Nonpharmacological management of hypercholesterolemia in children is challenging with few available options. OBJECTIVES To determine the safety and efficacy of dietary flaxseed supplementation in the management of hypercholesterolemia in children. DESIGN Four-week placebo-controlled, blinded, randomized clinical trial.

SETTING:

Specialized dyslipidemia clinic at a tertiary pediatric care center. PARTICIPANTS Thirty-two participants aged 8 to 18 years with low-density lipoprotein cholesterol from 135 mg/dL (3.5 mmol/L) to less than 193 mg/dL (5.0 mmol/L).

INTERVENTION:

The intervention group ate 2 muffins and 1 slice of bread daily containing ground flaxseed (30 g flaxseed total). The control group ate muffins and bread substituted with whole-wheat flour. MAIN OUTCOME AND MEASURE Attributable change in fasting lipid profile. RESULTS Dietary flaxseed supplementation resulted in an attributable decrease of -7.35 mg/dL (-0.19 mmol/L) in high-density lipoprotein cholesterol (95% CI, -3.09 to -11.60 mg/dL[-0.08 to -0.30 mmol/L]; relative: -15%, 95% CI, -24% to -6%; P = .001), an increase of 29.23 mg/dL (+0.33 mmol/L) in triglycerides (95% CI, 4.43 to 53.14 mg/dL [+0.05 to +0.60 mmol/L]; relative: +26%, 95% CI, +4% to +48%; P = .02), and an increase of +4.88 g/d in dietary polyunsaturated fat intake (95% CI, +0.22 to +9.53; relative: +76%, 95% CI, +3% to +148%; P = .04). Flaxseed had no attributable effects on total cholesterol (-8.51 mg/dL [-0.22 mmol/L]; 95% CI, -21.66 to 4.25 mg/dL [-0.56 to +0.11 mmol/L]; relative: -4%, 95% CI, -10% to +2%; P = .20), low-density lipoprotein cholesterol (-6.96 mg/dL [-0.18 mmol/L]; 95% CI, -16.63 to 2.71 mg/dL [-0.43 to +0.07 mmol/L]; relative: -5%, 95% CI, -12% to +2%; P = .15), body mass index z score (+0.002; 95% CI, -0.147 to +0.150; relative: +0%, 95% CI, -12% to +12%; P = .30), or total caloric intake (+117 kcal; 95% CI, -243 to +479; relative: +8%, 95% CI, -17% to +33%; P = .52). An attributable change in total and low-density lipoprotein cholesterol failed to exclude a potential benefit of flaxseed supplementation based on a prespecified minimum clinically important reduction of 10%. No concerns were noted regarding safety.

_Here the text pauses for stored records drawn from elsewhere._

(* Let $0<\mu\le L$, $\kappa=L/\mu$, and $0<\sigma<1$. For $\eta>0$ define $$G(\eta)=\begin{bmatrix}\sigma+\eta\frac{L}{\mu} & \frac{\eta}{\mu} & \eta\frac{L}{\mu}\\ 2L+\eta\frac{L^2}{\mu} & \sigma+\eta\frac{L}{\mu} & \eta\frac{L^2}{\mu}\\ \eta\frac{L}{\mu} & \frac{\eta}{\mu} & 1-\eta\frac{\mu}{L}\end{bmatrix}.$$ If $0<\eta<\bar\eta=\dfrac{(1-\sigma)^2}{2(2-\sigma)(\kappa+\kappa^3)}$, then the spectral radius satisfies $\rho(G(\eta))<1$.
   Context: In the paper, $\mu$ and $L$ are the strong convexity and smoothness constants of the local cost functions ($\mu I\preceq\nabla^2 f_i\preceq LI$), $\sigma=\|W-\frac1N\mathbf{1}\mathbf{1}^T\|_2$ is the spectral norm associated with a symmetric doubly stochastic consensus matrix $W$ of a connected graph, and $G(\eta)$ is the matrix governing the Network-GIANT error recursion (consensus error, gradient-tracking error, optimality gap). $\rho(\cdot)$ denotes the spectral radius. *)

From HB Require Import structures.
From mathcomp Require Import all_boot all_order all_algebra.
From mathcomp Require Import complex.
From mathcomp Require Import all_classical all_reals.
Set Implicit Arguments. Unset Strict Implicit. Unset Printing Implicit Defensive.
Import Order.TTheory GRing.Theory Num.Theory.
Local Open Scope ring_scope.
Local Open Scope classical_set_scope.

Definition spectral_radius (R : realType) (n : nat) (A : 'M[R]_n) : R :=
  sup [set complex.Re `|z| | z in
        [set z : R[i] | eigenvalue (map_mx (fun x : R => x%:C%C) A) z]].

Definition Gmat (R : realType) (mu L sigma eta : R) : 'M[R]_3 :=
  \matrix_(i < 3, j < 3)
   match nat_of_ord i, nat_of_ord j with
   | 0%N, 0%N => sigma + eta * (L / mu)
   | 0%N, 1%N => eta / mu
   | 0%N, _   => eta * (L / mu)
   | 1%N, 0%N => 2 * L + eta * (L ^+ 2 / mu)
   | 1%N, 1%N => sigma + eta * (L / mu)
   | 1%N, _   => eta * (L ^+ 2 / mu)
   | _, 0%N   => eta * (L / mu)
   | _, 1%N   => eta / mu
   | _, _     => 1 - eta * (mu / L)
   end.

From HB Require Import structures.
From mathcomp Require Import all_boot all_order all_algebra.
From mathcomp Require Import complex.
From mathcomp Require Import all_classical all_reals.
From mathcomp.algebra_tactics Require Import ring lra.
Set Implicit Arguments.
Unset Strict Implicit.
Unset Printing Implicit Defensive.
Import Order.TTheory GRing.Theory Num.Theory.
Local Open Scope ring_scope.
Local Open Scope classical_set_scope.

(* If A >= 0 and A x < x componentwise for some x > 0, then rho(A) < 1: for a
   left eigenvector v A = z v, |z| sum_j |v_j| x_j <= sum_i |v_i| (A x)_i.
   For G(eta), with b = eta (kappa + kappa^3), the second coordinate of x is
   scaled by mu and the third is taken just above the value forced by the third
   row; the first two rows then reduce to u < 1 - sigma - b - delta and
   b (2 + b + delta) < u (1 - sigma - b).  Such u, delta > 0 exist exactly when
   2 b (2 - sigma) < (1 - sigma)^2, which is the step-size bound. *)

Lemma norm_eigenvalue_le (F : numFieldType) n (A : 'M[F]_n) (x : 'I_n -> F) (c : F) :
  (forall i j, 0 <= A i j) -> (forall i, 0 < x i) ->
  (forall i, \sum_j A i j * x j <= c * x i) ->
  forall z, eigenvalue A z -> `|z| <= c.
Proof.
move=> A_ge0 x_gt0 Ax_le z /eigenvalueP [v vA v_neq0].
have [j0 vj0_neq0] : exists j, v 0 j != 0.
  apply/existsP; apply: contraNT v_neq0 => /existsPn v0.
  by apply/eqP/rowP => j; rewrite mxE; apply/eqP/negbNE/v0.
set S := \sum_j `|v 0 j| * x j.
have S_gt0 : 0 < S.
  rewrite /S (bigD1 j0) //=; apply: ltr_wpDr; last by rewrite mulr_gt0 ?normr_gt0.
  by apply: sumr_ge0 => j _; rewrite mulr_ge0 // ltW.
have eig_norm j : `|z| * `|v 0 j| <= \sum_i `|v 0 i| * A i j.
  have /rowP/(_ j) := vA; rewrite !mxE => vA_j.
  rewrite -normrM -vA_j; apply: le_trans (ler_norm_sum _ _ _) _.
  by apply: ler_sum => i _; rewrite normrM (ger0_norm (A_ge0 i j)).
suff : `|z| * S <= c * S by rewrite ler_pM2r.
rewrite /S mulr_sumr; apply: le_trans (_ : \sum_j (\sum_i `|v 0 i| * A i j) * x j <= _).
  apply: ler_sum => j _; rewrite mulrA.
  by apply: ler_wpM2r; [exact: ltW | exact: eig_norm].
under eq_bigr do rewrite mulr_suml.
rewrite exchange_big mulr_sumr /=; apply: ler_sum => i _.
under eq_bigr do rewrite -mulrA.
by rewrite -mulr_sumr mulrCA ler_wpM2l.
Qed.

Lemma spectral_radius_le (R : realType) n (A : 'M[R]_n) (x : 'I_n -> R) (c : R) :
  0 <= c -> (forall i j, 0 <= A i j) -> (forall i, 0 < x i) ->
  (forall i, \sum_j A i j * x j <= c * x i) ->
  spectral_radius A <= c.
Proof.
move=> c_ge0 A_ge0 x_gt0 Ax_le; rewrite /spectral_radius.
set E := (X in sup X).
have [->|/set0P E_neq0] := eqVneq E set0; first by rewrite sup0.
apply: ge_sup => // _ [z z_eig <-].
suff : `|z| <= c%:C%C by rewrite lecE => /andP[_].
apply: (norm_eigenvalue_le (x := fun i => (x i)%:C%C) _ _ _ z_eig) => [i j|i|i];
  rewrite ?mxE ?ler0c ?ltcR //.
under eq_bigr do rewrite mxE -rmorphM.
by rewrite -rmorphM -rmorph_sum lecR.
Qed.

Lemma spectral_radius_lt1 (R : realType) n (A : 'M[R]_n) (x : 'I_n -> R) :
  (forall i j, 0 <= A i j) -> (forall i, 0 < x i) ->
  (forall i, \sum_j A i j * x j < x i) ->
  spectral_radius A < 1.
Proof.
move=> A_ge0 x_gt0 Ax_lt.
pose c := \big[Num.max/0]_i ((\sum_j A i j * x j) / x i).
apply: (@le_lt_trans _ _ c); last first.
  by apply: bigmax_lt => // i _; rewrite ltr_pdivrMr // mul1r.
apply: (spectral_radius_le (x := x)) => // [|i]; first exact: bigmax_ge_id.
by rewrite -ler_pdivrMr //; apply: le_bigmax.
Qed.

Lemma Gvec_params_exist (R : realFieldType) (b d : R) :
  0 < b -> 0 < d -> 2 * b * (1 + d) < d ^+ 2 ->
  exists u delta, [/\ 0 < u, 0 < delta, u < d - b - delta
                      & b * (2 + b + delta) < u * (d - b)].
Proof.
move=> b_gt0 d_gt0 bd_lt; set g := d ^+ 2 - 2 * b * (1 + d).
have g_gt0 : 0 < g by rewrite subr_gt0.
pose delta := g / (4 * d); exists (d - b - 2 * delta), delta.
have delta_gt0 : 0 < delta by rewrite divr_gt0 // mulr_gt0.
have u_large : b * (2 + b + delta) < (d - b - 2 * delta) * (d - b).
  rewrite -subr_gt0 [X in 0 < X](_ : _ = g / 2 + b * delta).
    by apply: addr_gt0; [apply: divr_gt0 | apply: mulr_gt0].
  by rewrite /delta /g; field; rewrite gt_eqF.
split => //; last lra.
have d_gt_b : b < d by nra.
nra.
Qed.

Section NetworkGiant.

Variables (R : realType) (mu L sigma eta : R).
Hypotheses (mu_gt0 : 0 < mu) (mu_le_L : mu <= L).
Hypotheses (sigma_gt0 : 0 < sigma) (eta_gt0 : 0 < eta).

Local Notation kappa := (L / mu).
Local Notation b := (eta * (kappa + kappa ^+ 3)).

(* Row 3 holds with slack delta / kappa^2; u = b y / kappa for the middle
   coordinate mu y. *)
Definition Gvec (u delta : R) : 'I_3 -> R := fun i =>
  match nat_of_ord i with
  | 0 => 1
  | 1 => mu * (u * kappa / b)
  | _ => kappa ^+ 2 + kappa * (u * kappa / b) + delta / (eta * kappa)
  end.

Let L_gt0 : 0 < L. Proof. exact: lt_le_trans mu_le_L. Qed.
Let kappa_ge1 : 1 <= kappa. Proof. by rewrite ler_pdivlMr // mul1r. Qed.
Let kappa_gt0 : 0 < kappa. Proof. exact: lt_le_trans ltr01 kappa_ge1. Qed.
Let b_gt0 : 0 < b. Proof. by rewrite mulr_gt0 // addr_gt0 // exprn_gt0. Qed.

Lemma Gvec_gt0 u delta : 0 < u -> 0 < delta -> forall i, 0 < Gvec u delta i.
Proof.
move=> u_gt0 delta_gt0; have y_gt0 : 0 < u * kappa / b by rewrite divr_gt0 // mulr_gt0.
case=> [[|[|[|m]]] hi] //; rewrite /Gvec /=.
- exact: mulr_gt0.
- apply: addr_gt0; first by rewrite addr_gt0 ?exprn_gt0 // mulr_gt0.
  by rewrite divr_gt0 // mulr_gt0.
Qed.

Lemma Gmat_ge0 : b <= 1 -> forall i j, 0 <= Gmat mu L sigma eta i j.
Proof.
move=> b_le1.
have eta_kappa_le1 : eta * kappa <= 1.
  by apply: le_trans b_le1; rewrite ler_pM2l // lerDl ltW // exprn_gt0.
have eta_kappa_ge0 : 0 <= eta * kappa by rewrite mulr_ge0 ?ltW.
have eta_mu_ge0 : 0 <= eta / mu by rewrite divr_ge0 ?ltW.
have eta_L2_mu_ge0 : 0 <= eta * (L ^+ 2 / mu).
  by rewrite mulr_ge0 ?divr_ge0 ?ltW ?exprn_gt0.
have diag_ge0 : 0 <= sigma + eta * kappa by rewrite addr_ge0 // ltW.
have grad_ge0 : 0 <= 2 * L + eta * (L ^+ 2 / mu) by rewrite addr_ge0 // mulr_ge0 // ltW.
have gap_ge0 : 0 <= 1 - eta * (mu / L).
  rewrite subr_ge0; apply: le_trans eta_kappa_le1.
  by rewrite ler_pM2l // (le_trans _ kappa_ge1) // ler_pdivrMr // mul1r.
by case=> [[|[|[|m]]] hi] // [[|[|[|n]]] hj] //; rewrite mxE.
Qed.

Lemma Gmat_Gvec_lt u delta :
  0 < delta -> u < 1 - sigma - b - delta -> b * (2 + b + delta) < u * (1 - sigma - b) ->
  forall i, \sum_j Gmat mu L sigma eta i j * Gvec u delta j < Gvec u delta i.
Proof.
move=> delta_gt0 row0 row1.
have [mu_neq0 L_neq0 eta_neq0] : [/\ mu != 0, L != 0 & eta != 0] by rewrite !gt_eqF.
have denom_neq0 : L * mu ^+ 2 + L ^+ 3 != 0.
  by rewrite gt_eqF // addr_gt0 ?exprn_gt0 // mulr_gt0 // exprn_gt0.
case=> [[|[|[|m]]] hi] //; rewrite -subr_gt0 !big_ord_recl big_ord0 !mxE /Gvec /=.
- rewrite [X in 0 < X](_ : _ = 1 - sigma - b - delta - u); first by rewrite !subr_gt0.
  by field; rewrite mu_neq0 L_neq0 eta_neq0 denom_neq0.
- rewrite [X in 0 < X]
    (_ : _ = mu * kappa / b * (u * (1 - sigma - b) - b * (2 + b + delta))).
    by rewrite mulr_gt0 ?subr_gt0 // divr_gt0 // mulr_gt0.
  by field; rewrite mu_neq0 L_neq0 eta_neq0 denom_neq0.
- rewrite [X in 0 < X](_ : _ = delta / kappa ^+ 2).
    by rewrite divr_gt0 // exprn_gt0.
  by field; rewrite mu_neq0 L_neq0 eta_neq0 denom_neq0.
Qed.

End NetworkGiant.

Theorem theorem2 (R : realType) (mu L sigma eta : R) :
  0 < mu -> mu <= L -> 0 < sigma -> sigma < 1 -> 0 < eta ->
  let kappa := L / mu in
  eta < (1 - sigma) ^+ 2 / (2 * (2 - sigma) * (kappa + kappa ^+ 3)) ->
  spectral_radius (Gmat mu L sigma eta) < 1.
Proof.
move=> mu_gt0 mu_le_L sigma_gt0 sigma_lt1 eta_gt0 kappa eta_lt.
have kappa_gt0 : 0 < kappa by rewrite divr_gt0 // (lt_le_trans mu_gt0).
have sum_gt0 : 0 < kappa + kappa ^+ 3 by rewrite addr_gt0 // exprn_gt0.
have b_gt0 : 0 < eta * (kappa + kappa ^+ 3) by rewrite mulr_gt0.
have one_sub_sigma_gt0 : 0 < 1 - sigma by rewrite subr_gt0.
have eta_bound : 2 * (eta * (kappa + kappa ^+ 3)) * (1 + (1 - sigma)) < (1 - sigma) ^+ 2.
  have two_sub_sigma_gt0 : 0 < 2 - sigma by lra.
  by move: eta_lt; rewrite ltr_pdivlMr ?mulr_gt0 //; nra.
have b_le1 : eta * (kappa + kappa ^+ 3) <= 1 by nra.
have [u [delta [u_gt0 delta_gt0 row0 row1]]] :=
  Gvec_params_exist b_gt0 one_sub_sigma_gt0 eta_bound.
apply: (spectral_radius_lt1 (x := Gvec mu L eta u delta)).
- exact: Gmat_ge0.
- exact: Gvec_gt0.
- exact: Gmat_Gvec_lt.
Qed.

CONCLUSIONS AND RELEVANCE:

The use of dietary flaxseed supplementation, while safe, was associated with adverse changes in the lipid profile of children with hypercholesterolemia, although a potential benefit of low-density lipoprotein cholesterol lowering could not be excluded. The use of flaxseed supplementation in children with hypercholesterolemia might not be a viable option for lipid management in this population. TRIAL REGISTRATION clinicaltrials.gov Identifier: NCT01007344.